Bible concordance for BETH-SHEAN.

"The most perfect as well as the most interesting ruin of Bethshean is the Theatre, situated in the valley southwest of the tell. Though the outer walls are shattered and ruinous, the interior doors and passages are almost perfect. It is entirely built of basalt. In form it is semicircular, and its diameter measures nearly two hundred feet. Here, we are told, a number of Christians were massacred during the reign of Julian the Apostate.

"The citadel stood on the summit of the hill, and must have been a place of very great strength. The hill is a natural fortress, for a deep glen, called Wady el-Jalud, sweeps round its northern base, while another glen passes round the southern base, and the two meet on the east, thus almost surrounding it with an impassable moat. Its sides are steep, scarped, and in places almost perpendicular. A massive wall encircled the flat top, and its principal gateway was on the north-west.
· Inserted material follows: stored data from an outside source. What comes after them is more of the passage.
Lemma sum_lt_ext f g n : (forall i, (i < n)%nat -> f i = g i) -> sum_lt f n = sum_lt g n.
Proof.
  induction n as [|n IH]; intros H; simpl; [reflexivity|].
  rewrite IH, H; [reflexivity|lia|intros; apply H; lia].
Qed.

Lemma sum_lt_plus f g n : sum_lt (fun i => f i + g i) n = sum_lt f n + sum_lt g n.
Proof. induction n; simpl; lra. Qed.

Lemma sum_lt_minus f g n : sum_lt (fun i => f i - g i) n = sum_lt f n - sum_lt g n.
Proof. induction n; simpl; lra. Qed.

Lemma sum_lt_scal c f n : sum_lt (fun i => c * f i) n = c * sum_lt f n.
Proof. induction n as [|n IH]; simpl; [|rewrite IH]; ring. Qed.

Lemma sum_lt_const c n : sum_lt (fun _ => c) n = INR n * c.
Proof. induction n as [|n IH]; simpl sum_lt; [simpl; ring|rewrite IH, S_INR; ring]. Qed.

Lemma sum_lt_le f g n : (forall i, (i < n)%nat -> f i <= g i) -> sum_lt f n <= sum_lt g n.
Proof.
  induction n as [|n IH]; intros H; simpl; [lra|].
  apply Rplus_le_compat; [apply IH; intros; apply H|apply H]; lia.
Qed.

Lemma sum_lt_ge0 f n : (forall i, 0 <= f i) -> 0 <= sum_lt f n.
Proof. intros H; induction n; simpl; [lra|]. specialize (H n); lra. Qed.

Lemma sum_lt_mono f m n : (forall i, 0 <= f i) -> (m <= n)%nat -> sum_lt f m <= sum_lt f n.
Proof. intros H Hmn; induction Hmn; simpl; [lra|]. specialize (H m0); lra. Qed.

Lemma Rabs_sum_lt f n : Rabs (sum_lt f n) <= sum_lt (fun i => Rabs (f i)) n.
Proof.
  induction n; simpl; [rewrite Rabs_R0; lra|].
  eapply Rle_trans; [apply Rabs_triang|lra].
Qed.

Lemma sum_lt_swap (f : nat -> nat -> R) m n :
  sum_lt (fun i => sum_lt (fun j => f i j) n) m = sum_lt (fun j => sum_lt (fun i => f i j) m) n.
Proof.
  induction m as [|m IH]; simpl.
  - induction n; simpl; lra.
  - rewrite IH, <- sum_lt_plus; reflexivity.
Qed.

Lemma sum_lt_add_range f n m : sum_lt f (n + m) = sum_lt f n + sum_lt (fun k => f (n + k)%nat) m.
Proof.
  induction m as [|m IH]; simpl; [rewrite Nat.add_0_r; ring|].
  rewrite Nat.add_succ_r; simpl; rewrite IH; ring.
Qed.
(* The space $X=\omega^*\times 2^\omega$ (with the product topology) is a compact $nwd$-separable space which is not $d$-separable.
   Context: $\omega^*=\beta\omega\setminus\omega$ is the Čech–Stone remainder of $\omega$, and $2^\omega$ is the Cantor space. A space is $d$-separable if it has a dense subset which is a countable union of discrete subspaces; it is $nwd$-separable if it has a dense subset which is a countable union of nowhere dense subsets. *)

From HB Require Import structures.
From mathcomp Require Import all_boot all_classical all_reals all_analysis.
Set Implicit Arguments. Unset Strict Implicit. Unset Printing Implicit Defensive.
Local Open Scope classical_set_scope.

(** beta omega is modelled (as usual) as the Stone space of ultrafilters on
    nat, with the topology generated by the sets  A^ = [set p | p A], A ⊆ ω.
    omega^* = beta omega \ omega is the subspace of free (non-principal)
    ultrafilters, i.e. ultrafilters containing no finite set. *)
Definition free_ultrafilter (F : set_system nat) : Prop :=
  UltraFilter F /\ (forall A : set nat, finite_set A -> ~ F A).

Definition omega_star : Type := {F : set_system nat | free_ultrafilter F}.

HB.instance Definition _ := gen_eqMixin omega_star.
HB.instance Definition _ := gen_choiceMixin omega_star.

Definition omega_star_basic (A : set nat) : set omega_star :=
  [set p | proj1_sig p A].

HB.instance Definition _ :=
  isSubBaseTopological.Build omega_star [set: set nat] omega_star_basic.

Definition discrete_subspace (T : topologicalType) (S : set T) : Prop :=
  forall x, S x -> exists U : set T, [/\ open U, U x & U `&` S = [set x]].

Definition nowhere_dense (T : topologicalType) (S : set T) : Prop :=
  interior (closure S) = set0.

Definition d_separable (T : topologicalType) : Prop :=
  exists D : nat -> set T,
    (forall n, discrete_subspace (D n)) /\ dense (\bigcup_n D n).

Definition nwd_separable (T : topologicalType) : Prop :=
  exists D : nat -> set T,
    (forall n, nowhere_dense (D n)) /\ dense (\bigcup_n D n).
Definition continuous_on01 (g : R -> point) : Prop :=
  forall t, 0 <= t <= 1 -> forall eps, 0 < eps -> exists delta, 0 < delta /\
    forall s, 0 <= s <= 1 -> Rabs (s - t) < delta ->
      Rabs (fst (g s) - fst (g t)) < eps /\ Rabs (snd (g s) - snd (g t)) < eps.

Definition is_drawing (n : nat) (e : rel 'I_n) (pos : 'I_n -> point)
    (arc : 'I_n -> 'I_n -> R -> point) : Prop :=
  injective pos /\
  forall u v : 'I_n, (u < v)%N -> e u v ->
    [/\ continuous_on01 (arc u v),
        arc u v 0 = pos u, arc u v 1 = pos v,
        (forall t s, 0 <= t <= 1 -> 0 <= s <= 1 -> arc u v t = arc u v s -> t = s) &
        (forall w t, 0 < t < 1 -> arc u v t <> pos w)].

(* In the drawing, the edge uv is crossed at most k times: the crossings of
   uv, i.e. pairs (other edge f, point p) where p is a common point of the
   interiors of the arcs of uv and f, form a set of size at most k. *)
Definition crossed_at_most (n : nat) (e : rel 'I_n)
    (arc : 'I_n -> 'I_n -> R -> point) (k : nat) (u v : 'I_n) : Prop :=
  exists L : list ('I_n * 'I_n * point), (length L <= k)%nat /\
    forall x y : 'I_n, (x < y)%N -> e x y -> (x, y) <> (u, v) ->
      forall t s, 0 < t < 1 -> 0 < s < 1 -> arc u v t = arc x y s ->
        In (x, y, arc u v t) L.

Definition k_planar (k n : nat) (e : rel 'I_n) : Prop :=
  exists pos arc, is_drawing e pos arc /\
    forall u v : 'I_n, (u < v)%N -> e u v -> crossed_at_most e arc k u v.

From Stdlib Require Import ZArith Lia Lra Reals Classical.
From mathcomp Require Import all_boot zify ssrZ.

(* The graph lives on concentric rings of six vertices: vertex 6c + y (0 <= y < 6)
   is drawn at polar coordinates (c + 1, y pi / 3), and every ring c emits the same
   15 edges, listed in [rules], towards rings c, c + 1 and c + 2. An edge is drawn
   as the image of a straight lattice segment under the covering map
   (X, Y) |-> (X + 1) e^(i pi Y / 3) of the punctured plane, so two arcs meet exactly
   where the segments meet after a vertical shift by a multiple of 6. Invariance
   under the ring shift reduces C4-freeness and "at most 2 crossings per edge" to
   finite checks on the pattern, which are done by computation: disjoint segments
   are certified by separating lines, and a crossing with a non-parallel segment is
   a single point. With floor(n/6) rings there are at least 15 (floor(n/6) - 2)
   edges, that is 2.5 n - O(1). *)

Set Implicit Arguments.
Unset Strict Implicit.
Unset Printing Implicit Defensive.

Local Open Scope Z_scope.

(** * The ring graph *)

Definition rule := (Z * Z * Z)%type.
Definition rrow (r : rule) : Z := r.1.1.
Definition rdx (r : rule) : Z := r.1.2.
Definition rdy (r : rule) : Z := r.2.
Definition rtarget (r : rule) : Z := (rrow r + rdy r) mod 6.
Definition rule_link (r : rule) : Z * Z * Z := (rrow r, rdx r, rtarget r).

(* The rule (y, dx, dy) joins vertex y of every ring c to vertex (y + dy) mod 6
   of ring c + dx, along the lift of the segment from (c, y) to (c + dx, y + dy). *)
Definition rules : seq rule :=
  [:: (0, 1, -2); (0, 1, 1); (0, 2, -1); (1, 1, 0); (1, 1, 1); (1, 2, -1);
      (1, 2, 1); (2, 2, 1); (3, 1, -1); (3, 1, 1); (4, 0, 1); (4, 1, -1);
      (4, 1, 1); (0, 0, -1); (5, 1, -2)].

Definition row_step (y y' : Z) : Z :=
  let d := (y' - y) mod 6 in if d <=? 2 then d else d - 6.

(* A rule points from the smaller to the larger vertex, its segment ends at a lift
   of its target, and its direction is primitive, so the open segment contains no
   lattice point. *)
Definition rule_ok (r : rule) : bool :=
  [&& (0 <=? rrow r) && (rrow r <=? 5), (0 <=? rdx r) && (rdx r <=? 2),
      (-2 <=? rdy r) && (rdy r <=? 2), (0 <? rdx r) || (rrow r <? rtarget r)
    & (row_step (rrow r) (rtarget r) == rdy r) && (Z.gcd (rdx r) (rdy r) == 1)].

Lemma rule_link_eq r a b c :
  rule_link r = (a, b, c) -> [/\ rrow r = a, rdx r = b & rtarget r = c].
Proof. by case. Qed.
In its sides, which are of comparatively recent structure, may be seen fragments of Corinthian capitals and shafts of limestone. It was doubtless on the wall of this citadel that the Philistines hung up the bodies of Saul and Jonathan (1Sa 31:10); and one can understand from the position of the city how the daring inhabitants of Jabesh were able to carry off the bodies. They crossed the Jordan during the night, crept up Wady el-Jalud to the northern base of the tell, then clambered up its steep side, scaled the wall of the fortress, took down the bodies, and escaped.

"On the east and north of the tell there are extensive ruins, but now so overgrown with thorns, thistles, and rank grass that it is difficult to see them. On the north bank of the ravine, opposite the citadel, are a number of rock tombs and sarcophagi.

"The village is poor but populous, containing a colony of Egyptians brought hither by Ibrahim Pasha. They have a bad name, and deserve it; for they are given to pilfering, and open robbery when they can safely venture upon it. They are themselves frequently plundered by the wanderilng Bedawin." The following is the latest account (Conder, Tentwork, 2, 69):

"Beisan is a miserable hamlet of mud hovels, amid the ruins of the important town of Scythopolis, which was a bishopric from the 5th century until the change of the see to Nazareth, in the 12th century. The remains of a theatre, hippodrome, and temple, of fine structural tombs, and baths, with a crusading fortress and bridge, are among the best-preserved antiquities of western Palestine. Christian martyrs, in the 4th century, here fought wild beasts in the theatre; and the cages with the sockets of the iron bars, and the narrow passages from the outside, are still intact in the ruined theatre of black basalt."